Anyone good at population genetics?

So I'm having a bit of a brain fart on some extra credit work for genetics. I could ask the professor but she's not too nice and I already fought about horse colors with her before and she doesn't like me

It's with population genetics. To sum it up a fictitious herd of horses was abandoned to breed amongst themselves completely isolated. Original herd has one palomino paint stallion, one sorrel stallion, four sorrel mares, one palomino mare, and one sorrel paint mare. The herd has grown to 90 since then.

I'm going to assume "paint" means just tobiano...as that's the only white patterned mentioned anywhere on the paper. *sigh*

Obviously there's ee, CCcr, CC, TO?, and toto in the gene pool.

First question is saying in the modern herd, 11 out 90 horses are cremello. Assuming the herd is in Hardy-Weinberg equilibrium, what are the frequencies of the C and Ccr alleles?

Hardy-Weinberg equation is p^2 x 2pq x q^2

I know how to figure that out but she usually gives us the number of recessive (or in this case the chestnuts). And normally we figure out all three and not just two... Plus she's always given us examples where both homozygous dominant and heterozygous are the same colors and this is not the case with the cream gene.

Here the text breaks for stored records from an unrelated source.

(* Let $P$ and $Q$ be posets. If the product space $\Sigma P\times \Sigma Q$ is a Fréchet space, then the Scott topology of the product poset $P\times Q$ coincides with the product topology of $\Sigma P$ and $\Sigma Q$, i.e. $\Sigma(P\times Q)=\Sigma P\times\Sigma Q$.
   Context: For a poset $P$, a subset $U\subseteq P$ is Scott open if $U$ is an upper set and for every directed $D\subseteq P$ whose supremum $\bigvee D$ exists, $\bigvee D\in U$ implies $D\cap U\neq\emptyset$. The Scott open sets form the Scott topology $\sigma(P)$, and $\Sigma P=(P,\sigma(P))$. The product poset $P\times Q$ carries the coordinatewise order. A topological space $X$ is a Fréchet space if for every subset $A\subseteq X$ and every $x$ in the closure of $A$, there is a sequence $(x_n)_{n\in\omega}$ of elements of $A$ converging to $x$. *)

Set Implicit Arguments.

Section Defs.

(* A poset is a type with a relation [le]; the partial-order axioms are
   given as hypotheses of the theorem (see is_poset). *)
Definition is_poset {T : Type} (le : T -> T -> Prop) : Prop :=
  (forall x, le x x) /\
  (forall x y, le x y -> le y x -> x = y) /\
  (forall x y z, le x y -> le y z -> le x z).

Definition upper_set {T : Type} (le : T -> T -> Prop) (U : T -> Prop) : Prop :=
  forall x y, U x -> le x y -> U y.

Definition directed {T : Type} (le : T -> T -> Prop) (D : T -> Prop) : Prop :=
  (exists d, D d) /\
  (forall x y, D x -> D y -> exists z, D z /\ le x z /\ le y z).

Definition is_sup {T : Type} (le : T -> T -> Prop) (D : T -> Prop) (s : T) : Prop :=
  (forall d, D d -> le d s) /\
  (forall u, (forall d, D d -> le d u) -> le s u).

Definition scott_open {T : Type} (le : T -> T -> Prop) (U : T -> Prop) : Prop :=
  upper_set le U /\
  forall (D : T -> Prop) (s : T),
    directed le D -> is_sup le D s -> U s -> exists d, D d /\ U d.

Definition prod_le {P Q : Type} (leP : P -> P -> Prop) (leQ : Q -> Q -> Prop)
  (x y : P * Q) : Prop := leP (fst x) (fst y) /\ leQ (snd x) (snd y).

Definition prod_open {P Q : Type} (openP : (P -> Prop) -> Prop)
  (openQ : (Q -> Prop) -> Prop) (U : P * Q -> Prop) : Prop :=
  forall z, U z -> exists (A : P -> Prop) (B : Q -> Prop),
    openP A /\ openQ B /\ A (fst z) /\ B (snd z) /\
    (forall a b, A a -> B b -> U (a, b)).

Definition in_closure {X : Type} (opn : (X -> Prop) -> Prop) (A : X -> Prop) (x : X) : Prop :=
  forall U, opn U -> U x -> exists a, A a /\ U a.

Definition seq_converges {X : Type} (opn : (X -> Prop) -> Prop) (s : nat -> X) (x : X) : Prop :=
  forall U, opn U -> U x -> exists N, forall n, N <= n -> U (s n).

Definition frechet {X : Type} (opn : (X -> Prop) -> Prop) : Prop :=
  forall (A : X -> Prop) (x : X), in_closure opn A x ->
    exists s : nat -> X, (forall n, A (s n)) /\ seq_converges opn s x.

End Defs.

From Stdlib Require Import Classical Arith Lia.

Set Implicit Arguments.

(* Every box [A x B] of Scott-open sets is Scott open in [P x Q], since both
   projections are Scott continuous; this gives one inclusion.  Conversely, a Scott-open [U] of [P x Q] is sequentially open in
   [ΣP x ΣQ]: if [c n -> (a, b)] and [U (a, b)], then [U (a, snd (c n))] for
   [n >= M], and, with [t m := snd (c (M + m))], the set
   [{x | U (x, b) /\ forall m, U (x, t m)}] is Scott open in [P] and contains
   [a].  For a directed [D] with supremum in it, one [d0 ∈ D] handles [b] and,
   because [t -> b], all but finitely many [t m]; the finitely many others are
   handled by a common upper bound in [D].  Hence [fst (c n)] eventually lies
   in that set, i.e. [U (c n)] eventually.  In a Fréchet space sequentially
   open sets are open. *)

Definition image {S T : Type} (f : S -> T) (D : S -> Prop) (t : T) : Prop :=
  exists d, D d /\ f d = t.

Definition monotone {S T : Type} (leS : S -> S -> Prop) (leT : T -> T -> Prop)
  (f : S -> T) : Prop :=
  forall x y, leS x y -> leT (f x) (f y).

Definition scott_continuous {S T : Type} (leS : S -> S -> Prop)
  (leT : T -> T -> Prop) (f : S -> T) : Prop :=
  monotone leS leT f /\
  forall D s, directed leS D -> is_sup leS D s -> is_sup leT (image f D) (f s).

Definition seq_open {X : Type} (opn : (X -> Prop) -> Prop) (U : X -> Prop) : Prop :=
  forall s x, U x -> seq_converges opn s x ->
    exists N, forall n, N <= n -> U (s n).

Section ScottOpen.

Variables (T : Type) (le : T -> T -> Prop).

Lemma scott_open_True : scott_open le (fun _ => True).
Proof.
  split.
  - intros x y _ _; exact I.
  - intros D s [[d Hd] _] _ _. exists d; auto.
Qed.

Lemma scott_open_inter (U V : T -> Prop) :
  scott_open le U -> scott_open le V -> scott_open le (fun x => U x /\ V x).
Proof.
  intros [upU hitU] [upV hitV]. split.
  - intros x y [HUx HVx] Hxy. split; [exact (upU x y HUx Hxy) | exact (upV x y HVx Hxy)].
  - intros D s HD Hs [HUs HVs].
    destruct (hitU D s HD Hs HUs) as [d1 [Hd1 HUd1]].
    destruct (hitV D s HD Hs HVs) as [d2 [Hd2 HVd2]].
    destruct (proj2 HD d1 d2 Hd1 Hd2) as [e [He [H1e H2e]]].
    exists e. split; [exact He | split; [exact (upU d1 e HUd1 H1e) | exact (upV d2 e HVd2 H2e)]].
Qed.

Lemma scott_open_of_local (U : T -> Prop) :
  (forall x, U x -> exists V, scott_open le V /\ V x /\ forall y, V y -> U y) ->
  scott_open le U.
Proof.
  intros Hloc. split.
  - intros x y HUx Hxy.
    destruct (Hloc x HUx) as [V [[upV _] [HVx HVU]]].
    exact (HVU y (upV x y HVx Hxy)).
  - intros D s HD Hs HUs.
    destruct (Hloc s HUs) as [V [[_ hitV] [HVs HVU]]].
    destruct (hitV D s HD Hs HVs) as [d [Hd HVd]].
    exists d. split; [exact Hd | exact (HVU d HVd)].
Qed.

Lemma directed_bound_lt (D : T -> Prop) (R : nat -> T -> Prop) (k : nat) :
  directed le D -> (forall m, upper_set le (R m)) ->
  (forall m, m < k -> exists x, D x /\ R m x) ->
  exists d, D d /\ forall m, m < k -> R m d.
Proof.
  intros HD upR. induction k as [|k IH]; intros Hex.
  - destruct (proj1 HD) as [d Hd]. exists d. split; [exact Hd | intros m Hm; lia].
  - destruct IH as [d [Hd HRd]]; [intros m Hm; apply Hex; lia |].
    destruct (Hex k ltac:(lia)) as [x [Hx HRx]].
    destruct (proj2 HD d x Hd Hx) as [e [He [Hde Hxe]]].
    exists e. split; [exact He |].
    intros m Hm. destruct (Nat.eq_dec m k) as [-> | Hne].
    + exact (upR k x e HRx Hxe).
    + exact (upR m d e (HRd m ltac:(lia)) Hde).
Qed.

End ScottOpen.

Lemma directed_image {S T : Type} (leS : S -> S -> Prop) (leT : T -> T -> Prop)
  (f : S -> T) (D : S -> Prop) :
  monotone leS leT f -> directed leS D -> directed leT (image f D).
Proof.
  intros Hf [[d Hd] Hdir]. split.
  - exists (f d), d. auto.
  - intros u v [x [Hx <-]] [y [Hy <-]].
    destruct (Hdir x y Hx Hy) as [z [Hz [Hxz Hyz]]].
    exists (f z). split; [exists z; auto | split; apply Hf; assumption].
Qed.

Lemma scott_open_preimage {S T : Type} (leS : S -> S -> Prop) (leT : T -> T -> Prop)
  (f : S -> T) (U : T -> Prop) :
  scott_continuous leS leT f -> scott_open leT U -> scott_open leS (fun x => U (f x)).
Proof.
  intros [Hmono Hsup] [upU hitU]. split.
  - intros x y HUx Hxy. exact (upU (f x) (f y) HUx (Hmono x y Hxy)).
  - intros D s HD Hs HUs.
    destruct (hitU (image f D) (f s) (directed_image Hmono HD) (Hsup D s HD Hs) HUs)
      as [t [[d [Hd <-]] HUt]].
    exists d. auto.
Qed.

Section ScottProduct.

Variables (P Q : Type) (leP : P -> P -> Prop) (leQ : Q -> Q -> Prop).

Lemma scott_continuous_fst : scott_continuous (prod_le leP leQ) leP fst.
Proof.
  split.
  - intros x y [Hxy _]. exact Hxy.
  - intros D s _ [Hub Hleast]. split.
    + intros p [d [Hd <-]]. exact (proj1 (Hub d Hd)).
    + intros u Hu.
      refine (proj1 (Hleast (u, snd s) _)).
      intros d Hd. split; [apply Hu; exists d; auto | exact (proj2 (Hub d Hd))].
Qed.

Lemma scott_continuous_snd : scott_continuous (prod_le leP leQ) leQ snd.
Proof.
  split.
  - intros x y [_ Hxy]. exact Hxy.
  - intros D s _ [Hub Hleast]. split.
    + intros q [d [Hd <-]]. exact (proj2 (Hub d Hd)).
    + intros u Hu.
      refine (proj2 (Hleast (fst s, u) _)).
      intros d Hd. split; [exact (proj1 (Hub d Hd)) | apply Hu; exists d; auto].
Qed.

Lemma scott_open_box (A : P -> Prop) (B : Q -> Prop) :
  scott_open leP A -> scott_open leQ B ->
  scott_open (prod_le leP leQ) (fun z => A (fst z) /\ B (snd z)).
Proof.
  intros HA HB. apply scott_open_inter.
  - exact (scott_open_preimage scott_continuous_fst HA).
  - exact (scott_open_preimage scott_continuous_snd HB).
Qed.

Lemma scott_open_of_prod_open (U : P * Q -> Prop) :
  prod_open (scott_open leP) (scott_open leQ) U -> scott_open (prod_le leP leQ) U.
Proof.
  intros HU. apply scott_open_of_local. intros z Hz.
  destruct (HU z Hz) as [A [B [HA [HB [HAz [HBz HAB]]]]]].
  exists (fun w => A (fst w) /\ B (snd w)).
  split; [exact (scott_open_box HA HB) | split; [auto |]].
  intros [x y] [Hx Hy]. exact (HAB x y Hx Hy).
Qed.

Hypotheses (reflP : forall x, leP x x) (reflQ : forall y, leQ y y).

Lemma scott_continuous_pair_l (q : Q) :
  scott_continuous leP (prod_le leP leQ) (fun x => (x, q)).
Proof.
  split.
  - intros x y Hxy. split; [exact Hxy | apply reflQ].
  - intros D s [[d0 Hd0] _] [Hub Hleast]. split.
    + intros z [d [Hd <-]]. split; [exact (Hub d Hd) | apply reflQ].
    + intros u Hu. split.
      * apply Hleast. intros d Hd. exact (proj1 (Hu (d, q) (ex_intro _ d (conj Hd eq_refl)))).
      * exact (proj2 (Hu (d0, q) (ex_intro _ d0 (conj Hd0 eq_refl)))).
Qed.

Lemma scott_continuous_pair_r (p : P) :
  scott_continuous leQ (prod_le leP leQ) (fun y => (p, y)).
Proof.
  split.
  - intros x y Hxy. split; [apply reflP | exact Hxy].
  - intros D s [[d0 Hd0] _] [Hub Hleast]. split.
    + intros z [d [Hd <-]]. split; [apply reflP | exact (Hub d Hd)].
    + intros u Hu. split.
      * exact (proj1 (Hu (p, d0) (ex_intro _ d0 (conj Hd0 eq_refl)))).
      * apply Hleast. intros d Hd. exact (proj2 (Hu (p, d) (ex_intro _ d (conj Hd eq_refl)))).
Qed.

Lemma scott_open_slice_l (U : P * Q -> Prop) (q : Q) :
  scott_open (prod_le leP leQ) U -> scott_open leP (fun x => U (x, q)).
Proof. exact (scott_open_preimage (scott_continuous_pair_l q)). Qed.

Lemma scott_open_slice_r (U : P * Q -> Prop) (p : P) :
  scott_open (prod_le leP leQ) U -> scott_open leQ (fun y => U (p, y)).
Proof. exact (scott_open_preimage (scott_continuous_pair_r p)). Qed.

Lemma scott_open_slice_along_seq (U : P * Q -> Prop) (t : nat -> Q) (b : Q) :
  scott_open (prod_le leP leQ) U -> seq_converges (scott_open leQ) t b ->
  scott_open leP (fun x => U (x, b) /\ forall m, U (x, t m)).
Proof.
  intros HU Ht. split.
  - intros x y [Hxb Hxt] Hxy. split.
    + exact (proj1 (scott_open_slice_l b HU) x y Hxb Hxy).
    + intros m. exact (proj1 (scott_open_slice_l (t m) HU) x y (Hxt m) Hxy).
  - intros D s HD Hs [Hsb Hst].
    destruct (proj2 (scott_open_slice_l b HU) D s HD Hs Hsb) as [d0 [Hd0 Hd0b]].
    destruct (Ht _ (scott_open_slice_r d0 HU) Hd0b) as [N HN].
    destruct (directed_bound_lt (fun m x => U (x, t m)) (k := N) HD)
      as [d [Hd Hdt]].
    { intros m. exact (proj1 (scott_open_slice_l (t m) HU)). }
    { intros m _. exact (proj2 (scott_open_slice_l (t m) HU) D s HD Hs (Hst m)). }
    destruct (proj2 HD d0 d Hd0 Hd) as [e [He [Hd0e Hde]]].
    exists e. split; [exact He | split].
    + exact (proj1 (scott_open_slice_l b HU) d0 e Hd0b Hd0e).
    + intros m. destruct (le_lt_dec N m) as [HNm | HmN].
      * exact (proj1 (scott_open_slice_l (t m) HU) d0 e (HN m HNm) Hd0e).
      * exact (proj1 (scott_open_slice_l (t m) HU) d e (Hdt m HmN) Hde).
Qed.

End ScottProduct.

Lemma seq_converges_shift {X : Type} (opn : (X -> Prop) -> Prop) (s : nat -> X)
  (x : X) (k : nat) :
  seq_converges opn s x -> seq_converges opn (fun n => s (k + n)) x.
Proof.
  intros Hs V HV HVx. destruct (Hs V HV HVx) as [N HN].
  exists N. intros n Hn. apply HN. lia.
Qed.

Section ProductTopology.

Variables (P Q : Type) (openP : (P -> Prop) -> Prop) (openQ : (Q -> Prop) -> Prop).

Lemma seq_converges_fst (c : nat -> P * Q) (z : P * Q) :
  openQ (fun _ => True) -> seq_converges (prod_open openP openQ) c z ->
  seq_converges openP (fun n => fst (c n)) (fst z).
Proof.
  intros HQ Hc V HV HVz. apply (Hc (fun w => V (fst w))); [| exact HVz].
  intros w Hw. exists V, (fun _ => True). repeat split; auto.
Qed.

Lemma seq_converges_snd (c : nat -> P * Q) (z : P * Q) :
  openP (fun _ => True) -> seq_converges (prod_open openP openQ) c z ->
  seq_converges openQ (fun n => snd (c n)) (snd z).
Proof.
  intros HP Hc V HV HVz. apply (Hc (fun w => V (snd w))); [| exact HVz].
  intros w Hw. exists (fun _ => True), V. repeat split; auto.
Qed.

Lemma in_closure_compl_of_no_box {U : P * Q -> Prop} {z : P * Q} :
  ~ (exists A B, openP A /\ openQ B /\ A (fst z) /\ B (snd z) /\
       forall a b, A a -> B b -> U (a, b)) ->
  in_closure (prod_open openP openQ) (fun w => ~ U w) z.
Proof.
  intros Hno W HW HWz.
  destruct (HW z HWz) as [A [B [HA [HB [HAz [HBz HABW]]]]]].
  apply NNPP. intros Hall. apply Hno.
  exists A, B. repeat split; auto.
  intros a b Ha Hb. apply NNPP. intros HnU.
  apply Hall. exists (a, b). split; [exact HnU | exact (HABW a b Ha Hb)].
Qed.

Lemma prod_open_of_seq_open (U : P * Q -> Prop) :
  frechet (prod_open openP openQ) -> seq_open (prod_open openP openQ) U ->
  prod_open openP openQ U.
Proof.
  intros Hfr HU z Hz. apply NNPP. intros Hno.
  destruct (Hfr _ _ (in_closure_compl_of_no_box Hno)) as [c [HcU Hc]].
  destruct (HU c z Hz Hc) as [N HN].
  exact (HcU N (HN N (le_n N))).
Qed.

End ProductTopology.

Lemma scott_open_seq_open (P Q : Type) (leP : P -> P -> Prop) (leQ : Q -> Q -> Prop)
  (reflP : forall x, leP x x) (reflQ : forall y, leQ y y) (U : P * Q -> Prop) :
  scott_open (prod_le leP leQ) U ->
  seq_open (prod_open (scott_open leP) (scott_open leQ)) U.
Proof.
  intros HU c [a b] Hab Hc.
  pose proof (seq_converges_fst (scott_open_True leQ) Hc) as Hfst.
  pose proof (seq_converges_snd (scott_open_True leP) Hc) as Hsnd.
  destruct (Hsnd _ (scott_open_slice_r reflP a HU) Hab) as [M HM].
  pose proof (scott_open_slice_along_seq reflP reflQ HU (seq_converges_shift M Hsnd))
    as HA.
  destruct (Hfst _ HA) as [N HN].
  { split; [exact Hab | intros m; apply HM; lia]. }
  exists (N + M). intros n Hn.
  destruct (HN n ltac:(lia)) as [_ Hnt].
  specialize (Hnt (n - M)).
  replace (M + (n - M)) with n in Hnt by lia.
  destruct (c n); exact Hnt.
Qed.

Theorem theorem3p5 (P Q : Type) (leP : P -> P -> Prop) (leQ : Q -> Q -> Prop) :
  is_poset leP -> is_poset leQ ->
  frechet (prod_open (scott_open leP) (scott_open leQ)) ->
  forall U : P * Q -> Prop,
    scott_open (prod_le leP leQ) U <-> prod_open (scott_open leP) (scott_open leQ) U.
Proof.
  intros [reflP _] [reflQ _] Hfr U. split.
  - intros HU. apply prod_open_of_seq_open; [exact Hfr |].
    exact (scott_open_seq_open reflP reflQ HU).
  - apply scott_open_of_prod_open.
Qed.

If I calculated it right so far I have the frequency of cremellos at .34 and but I don't know how to figure out how many palominos and chestnuts are in the remaining 79.

Help?

Math!! *runs away*


I would really love to help, but I lack the general mathematical processing genes most people have.

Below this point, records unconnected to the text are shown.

(* Let $k$ be a field and let $X$ be a $\mathcal{T}$-space. Then $\rho^{-1}\circ\rho_*\simeq\mathrm{id}_{\mathrm{Mod}(k_X)}$. In particular the functor $\rho_*:\mathrm{Mod}(k_X)\to\mathrm{Mod}(k_\mathcal{T})$ is fully faithful.
   Context: Let $X$ be a topological space and $\mathcal{T}$ a family of open subsets of $X$. A $\mathcal{T}$-subset of $X$ is a finite Boolean combination of elements of $\mathcal{T}$; a $\mathcal{T}$-connected subset is a $\mathcal{T}$-subset which is not the disjoint union of two proper $\mathcal{T}$-subsets that are both open and closed in it. $X$ is a $\mathcal{T}$-space if (i) $\mathcal{T}$ is a basis of the topology of $X$ and $\emptyset\in\mathcal{T}$; (ii) $\mathcal{T}$ is closed under finite unions and finite intersections; (iii) every $U\in\mathcal{T}$ has finitely many $\mathcal{T}$-connected components. $X_\mathcal{T}$ is the site whose underlying category is $\mathcal{T}$ (morphisms are inclusions), a family $\{U_i\}\subset\mathcal{T}$ of subsets of $U\in\mathcal{T}$ being a covering of $U$ iff it admits a finite subfamily whose union is $U$. $\mathrm{Mod}(k_\mathcal{T})$ (resp. $\mathrm{Mod}(k_X)$) is the category of sheaves of $k$-vector spaces on $X_\mathcal{T}$ (resp. $X$). $\rho:X\to X_\mathcal{T}$ is the natural morphism of sites, $\rho_*F(U)=F(U)$ for $U\in\mathcal{T}$, and $\rho^{-1}$ is the left adjoint of $\rho_*$. *)

From HB Require Import structures.
From mathcomp Require Import all_boot all_algebra.
From mathcomp Require Import boolp classical_sets topology.
Set Implicit Arguments. Unset Strict Implicit. Unset Printing Implicit Defensive.
Import GRing.Theory.
Local Open Scope classical_set_scope.
Local Open Scope ring_scope.

Section Defs.
Variable X : topologicalType.

Inductive Tsubset (T : set (set X)) : set X -> Prop :=
| Tsub_base U : T U -> Tsubset T U
| Tsub_compl A : Tsubset T A -> Tsubset T (~` A)
| Tsub_union A B : Tsubset T A -> Tsubset T B -> Tsubset T (A `|` B).

Definition open_in (Z A : set X) : Prop := exists O, open O /\ A = Z `&` O.
Definition closed_in (Z A : set X) : Prop := A `<=` Z /\ open_in Z (Z `\` A).
Definition clopen_in (Z A : set X) : Prop := open_in Z A /\ closed_in Z A.

Definition Tconnected (T : set (set X)) (Z : set X) : Prop :=
  Tsubset T Z /\
  ~ (exists A B : set X,
        Tsubset T A /\ Tsubset T B /\ A <> Z /\ B <> Z /\
        A `|` B = Z /\ A `&` B = set0 /\ clopen_in Z A /\ clopen_in Z B).

(* U is the disjoint union of finitely many nonempty T-connected T-subsets,
   each open and closed in U (these are then its T-connected components) *)
Definition finite_Tcomponents (T : set (set X)) (U : set X) : Prop :=
  exists s : seq (set X),
    [/\ U = \bigcup_(V in [set` s]) V,
        (forall V, V \in s -> [/\ V !=set0, Tconnected T V & clopen_in U V]) &
        (forall i j, (i < size s)%N -> (j < size s)%N -> i <> j ->
           nth set0 s i `&` nth set0 s j = set0)].

Definition Tspace (T : set (set X)) : Prop :=
  [/\
      (forall U, T U -> open U),
      (forall U, open U -> forall x, U x -> exists V, [/\ T V, V x & V `<=` U]),
      T set0,
      (forall U V, T U -> T V -> T (U `|` V)) /\ (forall U V, T U -> T V -> T (U `&` V)) &
      (forall U, T U -> finite_Tcomponents T U)].

Variable k : fieldType.

Record presheaf := Presheaf {
  sec : set X -> lmodType k;
  res : forall U V : set X, V `<=` U -> sec U -> sec V }.

Arguments res p [U V] _ _.

(* presheaf axioms on the category of subsets in Ob (morphisms = inclusions) *)
Definition is_presheaf (Ob : set (set X)) (F : presheaf) : Prop :=
  [/\ (forall U V (h : V `<=` U), Ob U -> Ob V ->
         forall (a : k) (s t : sec F U), res F h (a *: s + t) = a *: res F h s + res F h t),
      (forall U (h : U `<=` U), Ob U -> forall s, res F h s = s) &
      (forall U V W (hVU : V `<=` U) (hWV : W `<=` V) (hWU : W `<=` U),
         Ob U -> Ob V -> Ob W -> forall s, res F hWV (res F hVU s) = res F hWU s)].

Definition glue_cond (F : presheaf) (U : set X) (I : Type) (Ui : I -> set X)
    (hs : forall i, Ui i `<=` U) : Prop :=
  forall s : forall i, sec F (Ui i),
    (forall i j, res F (@subIsetl _ (Ui i) (Ui j)) (s i)
               = res F (@subIsetr _ (Ui i) (Ui j)) (s j)) ->
    exists t : sec F U, (forall i, res F (hs i) t = s i) /\
      (forall t' : sec F U, (forall i, res F (hs i) t' = s i) -> t' = t).

Definition sheafX (F : presheaf) : Prop :=
  is_presheaf open F /\
  forall U, open U -> forall (I : Type) (Ui : I -> set X),
    (forall i, open (Ui i)) -> forall hs : (forall i, Ui i `<=` U),
    \bigcup_i Ui i = U -> @glue_cond F U I Ui hs.

(* sheaves on the site X_T: coverings are families in T admitting a finite
   subfamily whose union is U *)
Definition sheafT (T : set (set X)) (F : presheaf) : Prop :=
  is_presheaf T F /\
  forall U, T U -> forall (I : Type) (Ui : I -> set X),
    (forall i, T (Ui i)) -> forall hs : (forall i, Ui i `<=` U),
    (exists (n : nat) (j : 'I_n -> I), \bigcup_(m in [set: 'I_n]) Ui (j m) = U) -> @glue_cond F U I Ui hs.

Definition mor (F G : presheaf) := forall U, sec F U -> sec G U.

Definition is_mor (Ob : set (set X)) (F G : presheaf) (f : mor F G) : Prop :=
  (forall U, Ob U -> forall (a : k) (s t : sec F U), f U (a *: s + t) = a *: f U s + f U t) /\
  (forall U V (h : V `<=` U), Ob U -> Ob V -> forall s, f V (res F h s) = res G h (f U s)).

Definition mor_eq (Ob : set (set X)) (F G : presheaf) (f g : mor F G) : Prop :=
  forall U, Ob U -> forall s, f U s = g U s.

Definition mor_comp (F G H : presheaf) (f : mor F G) (g : mor G H) : mor F H :=
  fun U s => g U (f U s).

Definition mor_id (F : presheaf) : mor F F := fun U s => s.

(* rho_* : Mod(k_X) -> Mod(k_T), (rho_* F)(U) = F(U) for U in T *)
Definition rho_push (F : presheaf) : presheaf := F.
Definition rho_push_mor (F G : presheaf) (f : mor F G) : mor (rho_push F) (rho_push G) := f.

Oh lord im having flash backs of college genetics class. I'm with Poseidon run away lol! I want to help you but even though I have a biology degree math is not my strong suit. I'm too scared I'd give you the wrong answer as its been a few years since I've had to look at that equation. Too bad my boyfriend is gone camping with a troup of boy scouts till Sunday he'd be the perfect person to ask that.

The whole population starts as red, so assuming HWE remains, no new mutations appear, so every member of the final population will also be red. This narrows down how many genes you need to think about.

Are any of the questions to do with how many have inherited the pinto pattern? Because that is such a crappy way to run a genetics unit and not specify what pinto gene is there lol.

Ack this is the crappy lecturer that uses a different notation for cream, right? Which does she use to denote dominant and which for recessive?

No, that was mine, Chiilaa, but that's the same notation that doesn't make any freaking sense. Last time I checked, there was one "c" in the word "cream".

So, I am going to delve into this for you a bit. It's the first time I have ever looked at population genetics, so forgive me while I learn and make mistakes. I do, however, want to point out that HWE could not be established in this herd - inbreeding negates the "random mating" part of HWE, and with only 8 horses as your starting pop, it is inevitable they are inbred.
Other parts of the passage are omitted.